Lemma hard_instances_count alpha : alpha < 3%:R ->
  solves_metric_estimation Q alpha val -> (2 * 2 ^ (m * m) <= 3 * #|small_sets X T|)%N.
Proof.
move=> lt_alpha3 solves.
pose P (j : 'I_#|{set X}|) (a : 'I_D) :=
  estimates alpha (fun i k => val (edge_answers (enum_val j) i k)) (qa_out Q (enum_val a)).
have P_disj j j' a : P j a -> P j' a -> j = j'.
  rewrite /P !estimates_edge_answers => estj estj'.
  exact/enum_val_inj/(estimates_edge_metric_inj le_2m_n lt_alpha3 estj estj').
have row_unit j : \sum_a `|final_states_mx j a| ^+ 2 <= 1.
  by under eq_bigr do rewrite mxE; rewrite final_state_sqnorm.
have succ j : 2%:R / 3%:R <= \sum_(a | P j a) `|final_states_mx j a| ^+ 2.
  under eq_bigr do rewrite mxE.
  by rewrite -success_probE; apply/solves/metric_edge_answers.
have mass := le_trans (ler_sum _ (fun j _ => succ j)) (disjoint_mass_le_rank P_disj row_unit).
have rank_le : (\rank final_states_mx)%:R <= #|small_sets X T|%:R :> Cx.
  by rewrite ler_nat rank_final_states_mx.
move: (le_trans mass rank_le).
rewrite sumr_const card_ord -[X in X <= _]mulr_natr mulrAC ler_pdivrMr ?ltr0n // -!natrM ler_nat.
by rewrite card_sets card_prod card_ord [(3 * _)%N]mulnC.
Qed.

Lemma query_lower_bound alpha : alpha < 3%:R -> (2 <= m)%N ->
  solves_metric_estimation Q alpha val -> (m * m <= 4 * T)%N.
Proof.
move=> lt_alpha3 ge2_m /(hard_instances_count _ lt_alpha3).
rewrite card_small_sets card_prod card_ord => count.
rewrite leqNgt; apply: contraL count => ltT.
by rewrite -ltnNge three_sum_binomial_lt //; nia.
Qed.

End HardInstances.

Arguments query_lower_bound {n m K W T Q} le_2m_n {val v0 v1 v2 v3} val0 val1 val2 val3 {alpha}.

Theorem mainTheorem5 :
  forall alpha : R, 1 < alpha -> alpha < 3%:R ->
  exists c : R, 0 < c /\
  exists N0 : nat, forall n : nat, (N0 <= n)%N ->
  forall (K : nat) (val : 'I_K.+1 -> R),
    (forall k : nat, (k <= 3)%N -> exists v, val v = k%:R) ->
  forall (W : finType) (T : nat) (Q : qalg n K W T),
    solves_metric_estimation Q alpha val ->
    c * (n%:R) ^+ 2 <= T%:R.
Proof.
move=> alpha _ lt_alpha3; exists 36%:R^-1; split; first by rewrite invr_gt0 ltr0n.
exists 4%N => n ge4_n K val val_small W T Q solves.
have [v0 val0] := val_small 0%N isT; have [v1 val1] := val_small 1%N isT.
have [v2 val2] := val_small 2%N isT; have [v3 val3] := val_small 3%N isT.
have n_half := odd_double_half n; have le1_odd : (odd n <= 1)%N by case: odd.
have le_2m_n : (n./2 + n./2 <= n)%N by lia.
have ge2_m : (2 <= n./2)%N by rewrite -[2%N]/(4./2) half_leq.
have le_m2_T := query_lower_bound le_2m_n val0 val1 val2 val3 lt_alpha3 ge2_m solves.
rewrite mulrC ler_pdivrMr ?ltr0n // -natrX -natrM ler_nat; nia.
Qed.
§
§ What you should do
All lines in the listing above from the line containing "move=> lt_alpha3 ge2_m" to the line containing "forall (K : nat)", inclusive, should be retyped exactly; no other lines should appear.

§ Answer for this exercise
move=> lt_alpha3 ge2_m /(hard_instances_count _ lt_alpha3).
rewrite card_small_sets card_prod card_ord => count.
rewrite leqNgt; apply: contraL count => ltT.
by rewrite -ltnNge three_sum_binomial_lt //; nia.
Qed.

End HardInstances.

Arguments query_lower_bound {n m K W T Q} le_2m_n {val v0 v1 v2 v3} val0 val1 val2 val3 {alpha}.

Theorem mainTheorem5 :
  forall alpha : R, 1 < alpha -> alpha < 3%:R ->
  exists c : R, 0 < c /\
  exists N0 : nat, forall n : nat, (N0 <= n)%N ->
  forall (K : nat) (val : 'I_K.+1 -> R),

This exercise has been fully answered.